«Киноглаз» против «кинокулака»
История Дзиги Вертова и неслучившейся «кинокизации» всей страны
На ММКФ покажут «Возвращение Вертова» — документальный детектив о том, как киновед и историк кино Николай Изволов нашел и восстановил два фильма великого режиссера-авангардиста Дзиги Вертова, считавшихся утраченными: монтажную «Годовщину революции» и монументальную «Историю Гражданской войны». И восстановил вертовский шедевр «Человек с киноаппаратом». Ксения Рождественская рассказывает, кем был для киноискусства Дзига Вертов и каким могло бы стать, но не стало кино после него.
Давид Абелович Кауфман родился в Белостоке в 1895 году (в 1896-м по новому стилю), сочинял стихи и фантастические романы, учился музыке и неврологии, взял себе псевдоним Дзига Вертов, снимал кино, провозглашал «использование киноаппарата как киноглаза», говорил о «киноправде» и «киновещи», спорил с Сергеем Эйзенштейном, открывал новые миры и закрывал старые, обижался на критику, придумывал технические фокусы, изобрел скрытую камеру, экспериментировал со звуком и с изображением, не вписывался в соцреализм, прожил 58 лет, был на какое-то время забыт. Был гением.
Не только потому, что именно его идеями вдохновлялось европейское «синема верите» («киноправда»), не только потому, что он вспарывал «живот кинематографии рифом революции», но в первую очередь потому, что его фильмы были призваны усовершенствовать сознание зрителя. Расширить зрение. Дать зрителю все преимущества «киноглаза».

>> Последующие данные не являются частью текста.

(* For every integer $d\ge 200$ and every even integer $n\le 2^{\lfloor d/200\rfloor}$ there is an $(n,d,\alpha,\beta)$-sequence with $\alpha=\sqrt{2\ln(d)/n}$ and $\beta=1/16$.
   Context: Let $X$ be a set with $|X|$ even. An equitable bipartition of $X$ is a partition $(X_0,X_1)$ with $|X_0|=|X_1|$. A sequence $\mathcal B=(X_{1,0},X_{1,1}),\dots,(X_{d,0},X_{d,1})$ of equitable bipartitions of $X$ is $\alpha$-orthogonal if $|X_{i,\ell}\cap X_{j,\ell'}|\le(\frac14+\alpha)|X|$ for all $1\le i<j\le d$ and $\ell,\ell'\in\{0,1\}$; it is $\beta$-balanced if for every $x\ne y\in X$ the number of indices $i$ with $x,y\in X_{i,0}$ or $x,y\in X_{i,1}$ is at most $(\frac12+\beta)d$. It is an $(n,d,\alpha,\beta)$-sequence if $|X|=n$, $|\mathcal B|=d$, and $\mathcal B$ is both $\alpha$-orthogonal and $\beta$-balanced. *)

From mathcomp Require Import all_boot all_order all_algebra.
From mathcomp Require Import reals exp.
Set Implicit Arguments. Unset Strict Implicit. Unset Printing Implicit Defensive.
Import Order.TTheory GRing.Theory Num.Theory.
Local Open Scope ring_scope.

Definition equitable_bipartition (n : nat) (P : {set 'I_n} * {set 'I_n}) : bool :=
  [&& P.1 :&: P.2 == set0, P.1 :|: P.2 == [set: 'I_n] & #|P.1| == #|P.2|].

(* part l of a bipartition: l = false is X_{.,0}, l = true is X_{.,1} *)
Definition bpart (n : nat) (P : {set 'I_n} * {set 'I_n}) (l : bool) : {set 'I_n} :=
  if l then P.2 else P.1.

(* A sequence of d bipartitions, indexed by 'I_d (i.e. 1..d shifted to 0..d-1). *)
Definition alpha_orthogonal (R : realType) (n d : nat)
    (B : 'I_d -> {set 'I_n} * {set 'I_n}) (alpha : R) : Prop :=
  forall (i j : 'I_d) (l l' : bool), (i < j)%N ->
    (#|bpart (B i) l :&: bpart (B j) l'|%:R : R) <= (4^-1 + alpha) * n%:R.

Definition beta_balanced (R : realType) (n d : nat)
    (B : 'I_d -> {set 'I_n} * {set 'I_n}) (beta : R) : Prop :=
  forall x y : 'I_n, x != y ->
    (#|[set i : 'I_d | ((x \in (B i).1) && (y \in (B i).1))
                       || ((x \in (B i).2) && (y \in (B i).2))]|%:R : R)
      <= (2^-1 + beta) * d%:R.

Definition ndab_sequence (R : realType) (n d : nat)
    (B : 'I_d -> {set 'I_n} * {set 'I_n}) (alpha beta : R) : Prop :=
  (forall i, equitable_bipartition (B i)) /\
  alpha_orthogonal B alpha /\ beta_balanced B beta.

From Stdlib Require Import Zify.
From mathcomp Require Import all_boot all_order all_algebra.
From mathcomp Require Import reals exp sequences.
From mathcomp Require Import ring lra zify.
Set Implicit Arguments. Unset Strict Implicit. Unset Printing Implicit Defensive.
Import Order.TTheory GRing.Theory Num.Theory.
Local Open Scope ring_scope.

(* Write n = 2m and identify the ground set with the pairs (k, b), k < m, b : bool.  A
   vector v in {0,1}^m gives the equitable bipartition whose part l is
   {(k, b) | b (+) v k = l}.  For vectors w_1, ..., w_d, the set X_{i,l} ∩ X_{j,l'} has
   one point for each k with w_i k (+) w_j k = l (+) l', and distinct points (k, b),
   (k', b') share a part of bipartition i iff k != k' and w_i k (+) w_i k' = b (+) b'.
   So we need a 0/1 matrix w whose rows pairwise agree (up to a fixed pattern) on at most
   (1/2 + 2 alpha) m columns and whose columns pairwise agree on at most 9d/16 rows.
   Both are first-moment counts over all 2^(md) matrices.  For rows, weight each
   agreement by e^(2 alpha): with cosh a <= e^(3a^2/2) and alpha^2 m = ln d, each pair of
   rows is bad for at most 2^(md) d^(-5/2) matrices, and 2 d^2 d^(-5/2) < 1/2.  For
   columns, weight agreements by 10 and disagreements by 8: each pair of columns is bad
   for at most 2^(md) / (4m^2) matrices because 4m^2 <= 4^(d/200). *)

Lemma prod_if_card (R : comPzSemiRingType) (I : finType) (P : pred I) (p q : R) :
  \prod_i (if P i then p else q) = p ^+ #|[set i | P i]| * q ^+ (#|I| - #|[set i | P i]|).
Proof.
rewrite (bigID P) /=; under eq_bigr => i Pi do rewrite Pi.
under [X in _ * X]eq_bigr => i nPi do rewrite (negbTE nPi).
by rewrite !prodr_const cardsE -(cardC P) addKn.
Qed.

Lemma sum_weight_hits (R : comPzSemiRingType) (I V : finType) (P : pred V) (p q : R) :
  \sum_(w : {ffun I -> V}) p ^+ #|[set i | P (w i)]| * q ^+ (#|I| - #|[set i | P (w i)]|)
    = (p *+ #|P| + q *+ #|[predC P]|) ^+ #|I|.
Proof.
under eq_bigr => w _ do rewrite -(prod_if_card (fun i => P (w i))).
rewrite -(bigA_distr_bigA (fun _ v => if P v then p else q)) prodr_const.
congr (_ ^+ _); rewrite (bigID P) /= -!sumr_const.
by congr (_ + _); apply: eq_bigr => v; [move=> -> | move/negbTE ->].
Qed.

Lemma card_hits_le (R : numDomainType) (I V : finType) (P : pred V) (Q : pred nat)
    (p q t : R) :
  0 <= p -> 0 <= q ->
  (forall s, (s <= #|I|)%N -> Q s -> t <= p ^+ s * q ^+ (#|I| - s)) ->
  #|[set w : {ffun I -> V} | Q #|[set i | P (w i)]|]|%:R * t
    <= (p *+ #|P| + q *+ #|[predC P]|) ^+ #|I|.
Proof.
move=> p_ge0 q_ge0 Qt; rewrite -sum_weight_hits mulr_natl -sumr_const.
rewrite [leRHS](bigID (mem [set w : {ffun I -> V} | Q #|[set i | P (w i)]|])) /=.
rewrite -[leLHS]addr0 lerD ?sumr_ge0 // => [|w _]; last by rewrite mulr_ge0 ?exprn_ge0.
by apply: ler_sum => w; rewrite inE; apply: Qt; rewrite max_card.
Qed.

Lemma card_bigcup_le (I T : finType) (P : pred I) (F : I -> {set T}) :
  (#|\bigcup_(i | P i) F i| <= \sum_(i | P i) #|F i|)%N.
Proof.
elim/big_ind2: _ => [|m A n B lem len|//]; first by rewrite cards0.
exact: leq_trans (leq_card_setU A B).1 (leq_add lem len).
Qed.

Definition ffun_tr (I J : finType) (T : Type) (w : {ffun I -> {ffun J -> T}}) :
  {ffun J -> {ffun I -> T}} := [ffun j => [ffun i => w i j]].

Там, где другие кинематографисты (каким ядом веет от слова «кинематографист» в вертовских текстах!) хотели добиться эмоционального потрясения зрителя — такова, к примеру, была одна из целей Эйзенштейна,— Вертов хотел, «чтобы предметы на экране выглядели как «жизненные факты» и в то же время значили гораздо больше».
Вертов был поэтом, он был экспериментатором, он считал, что киноглаз более совершенен, «чем глаз человеческий, для исследования хаоса зрительных явлений, напоминающих пространство». Он был категорически против «литературных скелетов, обтянутых кинокожей» и утверждал, что советское кино должно быть неигровым, без актеров, без декораций, без сценария, не фиксировать события, а «расшифровывать» их.
Он предлагал свое «вижу!».
Но мало кто смотрел.
Собственно, Вертов не умел думать о том, что нужно публике, гораздо больше его интересовал способ съемки и то, что появляется на экране. Он говорил от имени киноглаза: «Я создаю человека более совершенного, чем созданный Адам... Я у одного беру руки самые сильные и самые ловкие, у другого беру ноги самые стройные и самые быстрые, у третьего голову самую красивую и самую выразительную и монтажом создаю нового, совершенного человека...»
Человек революционный
Эйзенштейн и Роом в «Октябре» пересоздали прошлое страны, превратили историю в миф — многотысячный штурм Зимнего или рабочий Никандров в образе Ленина стали для зрителя если не единственно возможной, то, безусловно, главной правдой о революции. Вертов, даже в своем монтажном дебюте «Годовщина революции», как и в следующем фильме — «История Гражданской войны», интересуется не столько мифом, не тем, что свершилось, а движением времени, «коммунистической расшифровкой мира». В «Годовщине революции» есть и Ленин (настоящий), и баррикады у Зимнего, но все это воспринимается не как законченные сюжеты, а как эпизоды вселенской истории, чей сценарий еще не дописан. Вертов сам был революцией, не свершившейся, а совершающейся в каждом кадре.
За «Годовщину революции», которую сам Вертов называл своим первым производственным экзаменом, он взялся случайно — больше некому было. В Московский кинокомитет его привел друг детства журналист Михаил Кольцов в последний день мая 1918 года. Кольцов тогда возглавлял группу кинохроники Наркомата просвещения. Кинематографисты, как всегда, разъехались на лето, а Гражданская война не дала им вернуться. Когда поступил заказ на создание картины к годовщине революции, оказалось, что заниматься этой картиной некому, кроме Вертова, который всего четыре месяца проработал в кинокомитете, монтируя новостную «Кинонеделю».
Негатив «Годовщины революции» использовался для производства других хроникальных фильмов, был разделен на мелкие куски, и фильм, в сущности, растворился. Полный текст титров фильма, позволивший его реконструировать, был обнаружен лишь в 2017 году в РГАЛИ, в фонде Маяковского.